Climate Central's analysis is based on recent data from weather stations, regional-scale outputs from climate projection models, and a common technique for deducing best-guess local climate projections from regional ones.  In its essence, this method involves calculating differences between current and future global climate model simulations, and applying them to observed climate data from the same vicinity.

Climate Central first identified weather stations closest to each city on the list, and then found the nearest regional location with model projections available.

For current patterns, Climate Central looked at August daily high temperatures at each weather station for 1981-2000, counting the total days exceeding 90°, 95° or 100° F over those 20 years, dividing by 20, and rounding off.  The answers for each city were the average number of days reaching above each temperature in one August during the 1980s or 1990s—roughly today's climate.  (Any given August might have many more or fewer hot days.)

For future projections, Climate Central averaged outputs from 12 major climate models at the available regional location nearest to each city for 2046-2064, and for 1981-2000 (simulated values, not actual ones).  We then calculated changes in the 20-year average monthly maximum temperature between these simulated future and current climates, and added the differences to the actual 1981-2000 weather station data from each city (already described).

This last step created new, simulated data for each city for 20 Augusts in the middle of this century.  We then applied the same method that we used with actual 1981-2000 temperatures to estimate the average number of days over each temperature threshold in this future scenario.

The resulting projections give long-term averages, not predictions for any individual year; actual outcomes will vary significantly from year to year due to the natural variability of climate.  Furthermore, because the modeling and methods used involve uncertainty, the projections should be taken as best guesses within a range of uncertainty.  True long-term averages will likely prove somewhat higher or lower than the projections here.  However, all twelve models are unanimous in projecting increased hot days from the present by the middle of the century.

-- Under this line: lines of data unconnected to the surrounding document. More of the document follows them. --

(* Let $P_0=(|P_0|,\preccurlyeq_0)$ be a finite poset with $|P_0|=\{x_1,\dots,x_{m_0}\}$ and let $S\subseteq|P_0|$. Fix nonnegative integer values of $m_i$ for all $i$ with $x_i\notin S$, and consider $L_+(P_0;m_1,\dots,m_{m_0})$ as a function of the remaining variables $(m_i)_{x_i\in S}$ ranging over nonnegative integers. If $S$ is a chain in $P_0$, then (for every choice of the fixed values) this function is given by a polynomial with rational coefficients in the variables $(m_i)_{x_i\in S}$; if $S$ is not a chain, then (for every choice of the fixed values) it is not given by any such polynomial.
   Context: For nonnegative integers $m_1,\dots,m_{m_0}$ let $C_1,\dots,C_{m_0}$ be pairwise disjoint chains, $C_i$ being $x_{i,1}<\dots<x_{i,m_i}$. The lexicographic sum $P=P_0*(C_1,\dots,C_{m_0})$ is the poset on $\bigcup_i|C_i|$ with $x_{i,j}\preccurlyeq x_{i',j'}$ iff either $i\ne i'$ and $x_i\preccurlyeq_0x_{i'}$, or $i=i'$ and $j\le j'$. $L_+(P_0;m_1,\dots,m_{m_0})$ is the number of linearizations (total orders refining $\preccurlyeq$) of $P$. *)

From HB Require Import structures.
From mathcomp Require Import all_boot all_order all_algebra.
Set Implicit Arguments. Unset Strict Implicit. Unset Printing Implicit Defensive.
Import GRing.Theory Num.Theory.

Definition is_partial_order (T : finType) (le : rel T) : Prop :=
  reflexive le /\ antisymmetric le /\ transitive le.

Definition is_chain (T : finType) (le : rel T) (S : {set T}) : Prop :=
  forall x y, x \in S -> y \in S -> le x y || le y x.

(* Ground set of the lexicographic sum P0 * (C_1,...,C_m0): the element
   (i, j) stands for x_{i, j+1}, the (j+1)-th element of the chain C_i. *)
Definition lexsum_carrier (m0 : nat) (m : 'I_m0 -> nat) : finType :=
  {i : 'I_m0 & 'I_(m i)}.

Definition lexsum_le (m0 : nat) (le0 : rel 'I_m0) (m : 'I_m0 -> nat)
    (x y : lexsum_carrier m) : bool :=
  ((tag x != tag y) && le0 (tag x) (tag y))
  || ((tag x == tag y) && (nat_of_ord (tagged x) <= nat_of_ord (tagged y))).

Definition is_linearization (T : finType) (le : rel T) (R : {set T * T}) : bool :=
  [&& [forall x, (x, x) \in R],
      [forall x, forall y, ((x, y) \in R) && ((y, x) \in R) ==> (x == y)],
      [forall x, forall y, forall z, ((x, y) \in R) && ((y, z) \in R) ==> ((x, z) \in R)],
      [forall x, forall y, ((x, y) \in R) || ((y, x) \in R)] &
      [forall x, forall y, le x y ==> ((x, y) \in R)]].

Definition Lplus (m0 : nat) (le0 : rel 'I_m0) (m : 'I_m0 -> nat) : nat :=
  #|[pred R : {set lexsum_carrier m * lexsum_carrier m} |
      is_linearization (@lexsum_le m0 le0 m) R]|.

(* A polynomial with rational coefficients in the variables (m_i)_{i in S}:
   coefficients c indexed by exponent vectors e with entries < d.+1;
   only the variables with index in S occur. *)
Definition poly_eval (m0 : nat) (S : {set 'I_m0}) (d : nat)
    (c : {ffun {ffun 'I_m0 -> 'I_d.+1} -> rat}) (m : 'I_m0 -> nat) : rat :=
  \sum_(e : {ffun 'I_m0 -> 'I_d.+1})
     c e * \prod_(i in S) ((m i)%:R ^+ (e i : nat)).

Definition Lplus_polynomial_in (m0 : nat) (le0 : rel 'I_m0) (S : {set 'I_m0})
    (mfix : 'I_m0 -> nat) : Prop :=
  exists (d : nat) (c : {ffun {ffun 'I_m0 -> 'I_d.+1} -> rat}),
    forall m : 'I_m0 -> nat,
      (forall i, i \notin S -> m i = mfix i) ->
      ((Lplus le0 m)%:R : rat) = poly_eval S c m.

From HB Require Import structures.
From mathcomp Require Import all_boot all_order all_algebra.
From mathcomp Require Import zify ring.
From Stdlib Require Import FunctionalExtensionality.
Set Implicit Arguments. Unset Strict Implicit. Unset Printing Implicit Defensive.
Import Order.TTheory GRing.Theory Num.Theory.

(* Deleting the top element of a linearization of P = P0 * (C_1, ..., C_m0) leaves a
   linearization of the lexicographic sum in which the maximal nonempty chain C_i has lost its
   last element, whence L_+(m) = sum of L_+(m - e_i) over the maximal nonempty blocks i.
   Varying one m_s with the other m_j fixed, this recursion shows that k |-> L_+(m[s := k])
   has vanishing finite differences of order 1 + (total size of the blocks incomparable with
   x_s).  When S is a chain those blocks lie outside S, so the bound is uniform in the
   variables of S and Newton's forward-difference formula, applied one variable at a time,
   writes L_+ as a polynomial.  If x_p, x_q in S are incomparable, the same recursion gives
   L_+(m) >= binomial(m_p + m_q, m_q), which for m_q = E + 1 and m_p = n grows like n^(E+1),
   faster than any polynomial of total degree E. *)

Section Linearizations.
Variables (T : finType) (le : rel T).

Definition set_rel (R : {set T * T}) : rel T := fun x y => (x, y) \in R.

Lemma linearizationP (R : {set T * T}) :
  is_linearization le R <->
  [/\ reflexive (set_rel R), antisymmetric (set_rel R), transitive (set_rel R),
      total (set_rel R) & subrel le (set_rel R)].
Proof.
split.
- case/and5P=> /forallP refl /'forall_forallP anti /'forall_'forall_forallP trans
    /'forall_forallP tot /'forall_forallP sub.
  split=> // [x y /andP[xy yx] | y x z xy yz | x y /(implyP (sub x y))//].
    exact/eqP/(implyP (anti x y))/andP.
  exact: (implyP (trans x y z)) (introT andP (conj xy yz)).
- case=> refl anti trans tot sub; apply/and5P; split.
  + by apply/forallP=> x; apply: refl.
  + by do 2 apply/forallP=> ?; apply/implyP=> /anti ->.
  + by do 3 apply/forallP=> ?; apply/implyP=> /andP[xy /(trans _ _ _ xy)].
  + by apply/forallP=> x; apply/forallP=> y; apply: tot.
  + by do 2 apply/forallP=> ?; apply/implyP=> /sub.
Qed.

Definition is_top (R : {set T * T}) t := [forall y, (y, t) \in R].
Definition maximal t := [forall y, le t y ==> (y == t)].

Lemma linearization_top R : is_linearization le R -> T -> {t | is_top R t}.
Proof.
case/linearizationP=> refl _ trans tot _ x0.
pose below t := #|[set y | (y, t) \in R]|.
have [t _ t_max] := @arg_maxnP T x0 predT below isT.
exists t; apply/forallP=> y; apply: contraT => yt.
have ty : (t, y) \in R by move: (tot t y); rewrite /set_rel (negbTE yt) orbF.
suff : below t < below y by have := t_max y isT; rewrite /= leqNgt => /negP.
apply/proper_card/properP; split.
  by apply/subsetP=> z; rewrite !inE => /trans; apply.
by exists y; rewrite !inE ?yt //; apply: refl.
Qed.

Lemma top_maximal R t : is_linearization le R -> is_top R t -> maximal t.
Proof.
case/linearizationP=> _ anti _ _ sub /forallP top; apply/forallP=> y.
by apply/implyP=> /sub ty; apply/eqP/anti; rewrite ty andbT; apply: top.
Qed.

Lemma top_unique R t u : is_linearization le R -> is_top R t -> is_top R u -> t = u.
Proof.
by case/linearizationP=> _ anti _ _ _ /forallP tt /forallP tu; apply: anti; rewrite /set_rel tu tt.
Qed.

Lemma card_linearizations_by_top : T ->
  #|[pred R | is_linearization le R]| =
  \sum_(t | maximal t) #|[pred R | is_linearization le R && is_top R t]|.
Proof.
move=> x0; rewrite -sum1_card.
under [RHS]eq_bigr do rewrite -sum1_card.
rewrite (exchange_big_dep (fun R => is_linearization le R)) /=; last by move=> t R _ /andP[].
apply: eq_bigr => R; rewrite inE => linR; have [t top_t] := linearization_top linR x0.
rewrite (big_pred1 t) // => u /=; rewrite inE linR /=.
apply/idP/eqP => [/andP[_ top_u] | ->]; first exact: top_unique top_u top_t.
by rewrite top_t (top_maximal linR top_t).
Qed.

End Linearizations.

Section RemoveTop.
Variables (T T' : finType) (le : rel T) (le' : rel T') (phi : T' -> T) (t : T).
Hypothesis phi_inj : injective phi.
Hypothesis phi_neq : forall a, phi a != t.
Hypothesis phi_onto : forall x, x != t -> exists a, x = phi a.
Hypothesis phi_le : forall a b, le' a b = le (phi a) (phi b).
Hypothesis t_maximal : maximal le t.

Let phi2 (p : T' * T') := (phi p.1, phi p.2).

Let phi2_inj : injective phi2.
Proof. by case=> a b [c d] [/phi_inj -> /phi_inj ->]. Qed.
Lemma a_zeck L : zeck L -> Z.of_nat (a (zeck_value L + 1)) = (alt_fib 1 L + 1 - 2 * parity L)%Z.
Proof.
  induction L as [|j t IH]; intros HL; [reflexivity|].
  destruct HL as [Hj [Hgap Ht]].
  assert (Hbelow : Forall (fun e => e <= j - 2) t)
    by (eapply Forall_impl; [|exact Hgap]; simpl; lia).
  pose proof (zeck_value_lt _ _ Ht Hbelow) as Hlt. replace (S (j - 2)) with (j - 1) in Hlt by lia.
  pose proof (alt_fib_bounds 1 _ _ Ht Hbelow) as Hbnd.
  replace (j - 2 + 1) with (j - 1) in Hbnd by lia.
  pose proof (fib_succ_pred j ltac:(lia)). pose proof (fib_pos j ltac:(lia)).
  pose proof (parity_01 t). specialize (IH Ht).
  cbn [zeck_value alt_fib parity].
  rewrite (a_step _ j) by (auto; lia).
  replace (fib j + zeck_value t + 1 - fib j) with (zeck_value t + 1) by lia.
  rewrite Nat2Z.inj_sub by lia. rewrite IH, Nat.add_1_r. lia.
Qed.

Lemma alt_fib_map_S c L : alt_fib c (map S L) = alt_fib (S c) L.
Proof.
  induction L as [|j t IH]; cbn [map alt_fib]; [reflexivity|].
  rewrite IH, Nat.add_succ_comm. reflexivity.
Qed.

Lemma alt_fib_SS c L : alt_fib (S (S c)) L = (alt_fib (S c) L + alt_fib c L)%Z.
Proof.
  induction L as [|j t IH]; cbn [alt_fib]; [reflexivity|].
  rewrite IH, <- !Nat.add_succ_comm, !Nat.add_succ_l, fib_SS. lia.
Qed.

All model outputs used were based on a medium-high greenhouse gas emissions scenario called "A1B" by the Intergovernmental Panel on Climate Change.  Carbon dioxide and other greenhouse-gas emissions this decade have exceeded the A1B scenario thus far.  This makes the projections here conservative, matching a future in which emissions are reduced compared to the current trend.

The techniques and general climate projections used are well established in the scientific literature (for example, see here and here).